Baldwin’s report led to a second opportunity for Matacia to share his techniques with Marine personnel at USMC’s Counter Guerilla Warfare Command (CGWC) at Camp Lejeune on May 12, 1968. He was joined by five other professional dowsers to lead a day-long training exercise. During the initial briefing, Matacia was interrupted by a colonel who conveyed his doubts about dowsing. Matacia politely asked if they had an artillery piece on the base and the colonel said yes, a105-millimeter howitzer. Leonard Brown, another professional dowser present, proceeded to use a nylon Y-rod to determine the exact location and distance of the howitzer from where they were all sitting. The officers sat in stunned silence.

Matacia provided an overview of techniques they would be learning during the demonstration. As Bird describes, Matacia told the officers that by the end of the day, they would all know “…How to accurately locate snipers, booby traps, bunkers, pillboxes, or anything else contained in a combat zone… They would be able to find underground caches of arms, and tunnels and tell how many persons and what type of equipment were hidden in them without going below ground. Finally, they would gain the ability to pinpoint, from nothing but the map of any given area, installations such as gun or radar emplacements, troop concentrations, airfields, and other targets of military interest anywhere in the world.” (Bird p. 209)
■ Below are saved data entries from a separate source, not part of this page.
(* For any $\mathrm{LP}^{\mathrm{MLN}}$ program $\Pi$, the map \[ \phi(I)=I\cup\{\mathtt{sat}(i,w_i,\mathbf c) : w_i:\mathit{Head}_i(\mathbf c)\leftarrow\mathit{Body}_i(\mathbf c)\in Gr(\Pi),\ I\models \mathit{Body}_i(\mathbf c)\rightarrow \mathit{Head}_i(\mathbf c)\} \] is a one-to-one correspondence between $\mathrm{SM}[\Pi]$ and the set of stable models of $\mathsf{lpmln2asp^{rwd}}(\Pi)$. Furthermore, for every $I\in\mathrm{SM}[\Pi]$, \[ W_\Pi(I)=\exp\Big(\sum_{\mathtt{sat}(i,w_i,\mathbf c)\in\phi(I)} w_i\Big). \] Also, $\phi$ restricts to a one-to-one correspondence between the most probable stable models of $\Pi$ and the optimal stable models of $\mathsf{lpmln2asp^{rwd}}(\Pi)$.
   Context: An $\mathrm{LP}^{\mathrm{MLN}}$ program is a finite set of weighted rules $w_i:\mathit{Head}_i(\mathbf x)\leftarrow \mathit{Body}_i(\mathbf x)$, indexed by $i$, where $\mathbf x$ is the list of global variables, $\mathit{Head}_i$ is a possibly empty disjunction of atoms, $\mathit{Body}_i$ a conjunction of literals, and $w_i$ is a real number or the symbol $\alpha$ (infinite weight). The Herbrand universe is finite; $Gr(\Pi)$ replaces global variables by all tuples $\mathbf c$ of the universe. For ground $\Pi$ and interpretation $I$: $\overline{\Pi}$ drops weights, $\Pi_I$ is the set of rules satisfied by $I$, $\mathrm{SM}[\Pi]=\{I: I \text{ stable model of }\overline{\Pi_I}\}$, $W_\Pi(I)=\exp(\sum_{w:R\in\Pi_I}w)$ if $I\in\mathrm{SM}[\Pi]$ and $0$ otherwise, $P_\Pi(I)=\lim_{\alpha\to\infty}W_\Pi(I)/\sum_{J\in\mathrm{SM}[\Pi]}W_\Pi(J)$; the most probable stable models are those $I$ maximizing $P_\Pi(I)$ (equivalently, lexicographically maximizing first the number of satisfied hard rules among $I\in\mathrm{SM}[\Pi]$, then the total weight of satisfied soft rules). Weak constraints: a weak constraint is $:\sim F\ [\mathit{Weight}@\mathit{Level}]$ with $F$ a conjunction of literals, $\mathit{Weight}$ real, $\mathit{Level}$ a nonnegative integer (optionally with a tuple of terms distinguishing instances). For $\Pi=\Pi_1\cup\Pi_2$ with $\Pi_1$ weak-constraint-free and $\Pi_2$ ground weak constraints, the stable models of $\Pi$ are those of $\Pi_1$; the penalty of a stable model $I$ at level $l$ is $\sum_{:\sim F[w@l]\in\Pi_2,\ I\models F} w$; $I$ is dominated by $I'$ if for some $l$ the penalty of $I'$ at level $l$ is smaller than that of $I$ and the penalties agree at all levels $k>l$; $I$ is optimal if it is not dominated by any stable model. $\mathsf{lpmln2asp^{rwd}}(\Pi)$ replaces each rule $w_i:\mathit{Head}_i(\mathbf x)\leftarrow\mathit{Body}_i(\mathbf x)$ by $\mathtt{sat}(i,w_i,\mathbf x)\leftarrow \mathit{Head}_i(\mathbf x)$; $\mathtt{sat}(i,w_i,\mathbf x)\leftarrow \mathtt{not}\ \mathit{Body}_i(\mathbf x)$; $\mathit{Head}_i(\mathbf x)\leftarrow \mathit{Body}_i(\mathbf x),\ \mathtt{not}\ \mathtt{not}\ \mathtt{sat}(i,w_i,\mathbf x)$; $:\sim \mathtt{sat}(i,w_i,\mathbf x).\ [-w'_i@l, i,\mathbf x]$, where $w'_i=1,\ l=1$ if $w_i=\alpha$, and $w'_i=w_i,\ l=0$ otherwise; $\mathtt{sat}$ is a fresh predicate. In the weight formula, hard weights are kept as the symbol $\alpha$. *)

From Stdlib Require Import Reals.
From mathcomp Require Import all_boot.
(* Let $S$ be a $\Gamma$-hemiring, let $\mu$ be a fuzzy right h-ideal of $S$ and let $x \in S$. Then the extension $\langle x,\mu\rangle$ of $\mu$ by $x$ is a fuzzy right h-ideal of $S$.
   Context: A $\Gamma$-hemiring is a pair of additive commutative semigroups with zero $S$ and $\Gamma$ together with a map $S\times\Gamma\times S\to S$, $(a,\alpha,b)\mapsto a\alpha b$, such that for all $a,b,c\in S$ and $\alpha,\beta\in\Gamma$: $(a+b)\alpha c=a\alpha c+b\alpha c$; $a\alpha(b+c)=a\alpha b+a\alpha c$; $a(\alpha+\beta)b=a\alpha b+a\beta b$; $a\alpha(b\beta c)=(a\alpha b)\beta c$; $0\alpha a=0=a\alpha 0$; $a0b=0=b0a$. A fuzzy subset of $S$ is a map $\mu:S\to[0,1]$; it is non-empty if $\mu(x)\neq 0$ for some $x\in S$. A non-empty fuzzy subset $\mu$ is a fuzzy right h-ideal if for all $x,y,a,b,z\in S$ and $\gamma\in\Gamma$: (i) $\mu(x+y)\ge\min\{\mu(x),\mu(y)\}$; (ii) $\mu(x\gamma y)\ge\mu(x)$; (iii) $x+a+z=b+z$ implies $\mu(x)\ge\min\{\mu(a),\mu(b)\}$. For a fuzzy subset $\mu$ of $S$ and $x\in S$, the extension of $\mu$ by $x$ is the fuzzy subset $\langle x,\mu\rangle$ defined by $\langle x,\mu\rangle(y)=\inf_{s\in S,\ \alpha,\gamma\in\Gamma}\mu(x\alpha s\gamma y)$ for $y\in S$. *)

From mathcomp Require Import all_boot all_order all_algebra.
From mathcomp Require Import classical_sets reals.

Set Implicit Arguments. Unset Strict Implicit. Unset Printing Implicit Defensive.
Local Open Scope classical_set_scope.
Local Open Scope ring_scope.

Record GammaHemiring := {
  car :> Type;
  gam : Type;
  addS : car -> car -> car;
  zeroS : car;
  addG : gam -> gam -> gam;
  zeroG : gam;
  tmul : car -> gam -> car -> car;
  addSA : forall a b c, addS a (addS b c) = addS (addS a b) c;
  addSC : forall a b, addS a b = addS b a;
  add0S : forall a, addS zeroS a = a;
  addGA : forall a b c, addG a (addG b c) = addG (addG a b) c;
  addGC : forall a b, addG a b = addG b a;
  add0G : forall a, addG zeroG a = a;
  tmulDl : forall a b c al, tmul (addS a b) al c = addS (tmul a al c) (tmul b al c);
  tmulDr : forall a b c al, tmul a al (addS b c) = addS (tmul a al b) (tmul a al c);
  tmulDm : forall a b al be, tmul a (addG al be) b = addS (tmul a al b) (tmul a be b);
  tmulA : forall a b c al be, tmul a al (tmul b be c) = tmul (tmul a al b) be c;
  tmul0l : forall a al, tmul zeroS al a = zeroS;
  tmul0r : forall a al, tmul a al zeroS = zeroS;
  tmul0m : forall a b, tmul a zeroG b = zeroS /\ tmul b zeroG a = zeroS
}.

Section Fuzzy.
Variables (R : realType) (S : GammaHemiring).

Definition fuzzy_subset (mu : S -> R) : Prop :=
  forall x, 0 <= mu x <= 1.

Definition fuzzy_nonempty (mu : S -> R) : Prop :=
  exists x, mu x != 0.

Definition fuzzy_right_h_ideal (mu : S -> R) : Prop :=
  [/\ fuzzy_subset mu, fuzzy_nonempty mu,
      (forall x y, mu (addS x y) >= Num.min (mu x) (mu y)),
      (forall x y (g : gam S), mu (tmul x g y) >= mu x) &
      (forall x a b z, addS (addS x a) z = addS b z ->
                         mu x >= Num.min (mu a) (mu b))].

Definition extension (x : S) (mu : S -> R) : S -> R :=
  fun y => inf [set r | exists (s : S) (al ga : gam S),
                          r = mu (tmul (tmul x al s) ga y)].

End Fuzzy.

From mathcomp Require Import all_boot all_order all_algebra.
From mathcomp Require Import classical_sets reals.
Import Order.TTheory GRing.Theory Num.Theory.
Local Open Scope classical_set_scope.
Local Open Scope ring_scope.

(* Every term of the infimum defining <x, mu>(y) is mu evaluated at the left
   translate (x al s) ga y.  Left translation is additive, by distributivity,
   and commutes with right multiplication, by associativity, so each closure
   property of mu holds term by term and survives taking the infimum.  The
   extension is non-empty because it agrees with mu at 0, and mu 0 dominates
   every value of mu since y ga 0 = 0 for the zero of Gamma. *)

Section Extension.
Variables (R : realType) (S : GammaHemiring) (mu : S -> R) (x : S).
Hypothesis mu_ge0 : forall y, 0 <= mu y.

Lemma extension_le_mu y s al ga :
  extension x mu y <= mu (tmul (tmul x al s) ga y).
Proof.
apply: ge_inf; last by exists s, al, ga.
by exists 0 => _ [s' [al' [ga' ->]]].
Qed.

Lemma lb_le_extension y c :
  (forall s al ga, c <= mu (tmul (tmul x al s) ga y)) -> c <= extension x mu y.
Proof.
move=> lb_c; apply: lb_le_inf => [|_ [s [al [ga ->]]]] //.
by exists (mu (tmul (tmul x (zeroG S) x) (zeroG S) y)); exists x, (zeroG S), (zeroG S).
Qed.

Lemma extension0 : extension x mu (zeroS S) = mu (zeroS S).
Proof.
apply/le_anti/andP; split.
  by have := extension_le_mu (zeroS S) x (zeroG S) (zeroG S); rewrite tmul0r.
by apply: lb_le_extension => s al ga; rewrite tmul0r.
Qed.

Lemma fuzzy_subset_extension : fuzzy_subset mu -> fuzzy_subset (extension x mu).
Proof.
move=> mu01 y; apply/andP; split; first by apply: lb_le_extension.
apply: le_trans (extension_le_mu y x (zeroG S) (zeroG S)) _.
by case/andP: (mu01 (tmul (tmul x (zeroG S) x) (zeroG S) y)).
Qed.

Lemma extension_addS :
  (forall y z, Num.min (mu y) (mu z) <= mu (addS y z)) ->
  forall y z, Num.min (extension x mu y) (extension x mu z)
                <= extension x mu (addS y z).
Proof.
move=> mu_add y z; apply: lb_le_extension => s al ga.
rewrite tmulDr; apply: le_trans (mu_add _ _).
by rewrite le_min !ge_min !extension_le_mu ?orbT.
Qed.

Lemma extension_tmul :
  (forall y z (g : gam S), mu y <= mu (tmul y g z)) ->
  forall y z (g : gam S), extension x mu y <= extension x mu (tmul y g z).
Proof.
move=> mu_tmul y z g; apply: lb_le_extension => s al ga.
by rewrite tmulA; apply: le_trans (mu_tmul _ _ _); apply: extension_le_mu.
Qed.

Lemma extension_h_closed :
  (forall y a b z, addS (addS y a) z = addS b z ->
                   Num.min (mu a) (mu b) <= mu y) ->
  forall y a b z, addS (addS y a) z = addS b z ->
    Num.min (extension x mu a) (extension x mu b) <= extension x mu y.
Proof.
move=> mu_h y a b z yaz_bz; apply: lb_le_extension => s al ga.
set t := tmul x al s.
have tyaz_tbz : addS (addS (tmul t ga y) (tmul t ga a)) (tmul t ga z)
                = addS (tmul t ga b) (tmul t ga z).
  by rewrite -!tmulDr yaz_bz.
apply: le_trans (mu_h _ _ _ _ tyaz_tbz).
by rewrite le_min !ge_min !extension_le_mu ?orbT.
Qed.

End Extension.

Lemma mu_le_mu0 {R : realType} {S : GammaHemiring} {mu : S -> R} :
  (forall y z (g : gam S), mu y <= mu (tmul y g z)) -> forall y, mu y <= mu (zeroS S).
Proof. by move=> mu_tmul y; rewrite -(proj1 (tmul0m y y)) mu_tmul. Qed.

Theorem theorem3p2 (R : realType) (S : GammaHemiring) (mu : S -> R) (x : S) :
  fuzzy_right_h_ideal mu -> fuzzy_right_h_ideal (extension x mu).
Proof.
case=> mu01 [y0 mu_y0_neq0] mu_add mu_tmul mu_h.
have mu_ge0 y : 0 <= mu y by case/andP: (mu01 y).
split.
- exact: fuzzy_subset_extension.
- have mu_y0_gt0 : 0 < mu y0 by rewrite lt_def mu_y0_neq0 mu_ge0.
  exists (zeroS S); rewrite extension0 //.
  by rewrite gt_eqF // (lt_le_trans mu_y0_gt0 (mu_le_mu0 mu_tmul y0)).
- exact: extension_addS.
- exact: extension_tmul.
- exact: extension_h_closed.
Qed.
To the amazement of the officers present, Matacia and the other dowsers toured the training ground and successfully identified the location of hidden tunnels, caches of buried weapons, concealed trip wires, and also accurately identified the number of personnel hiding within buried tunnels. Matacia was even able to identify the exact location of a mock POW camp on the base by using nothing but a map and a pendulum. Skeptics present that day became believers as they personally located buried items using unfamiliar devices and techniques.

The extent to which these practices were adopted to serve our soldiers in Vietnam is unknown. What was documented at Camp LeJeune in November of 1968 was a compelling demonstration of dowsing techniques that created a new reality for several Marine officers that day—as they learned to access information in ways they had never experienced before.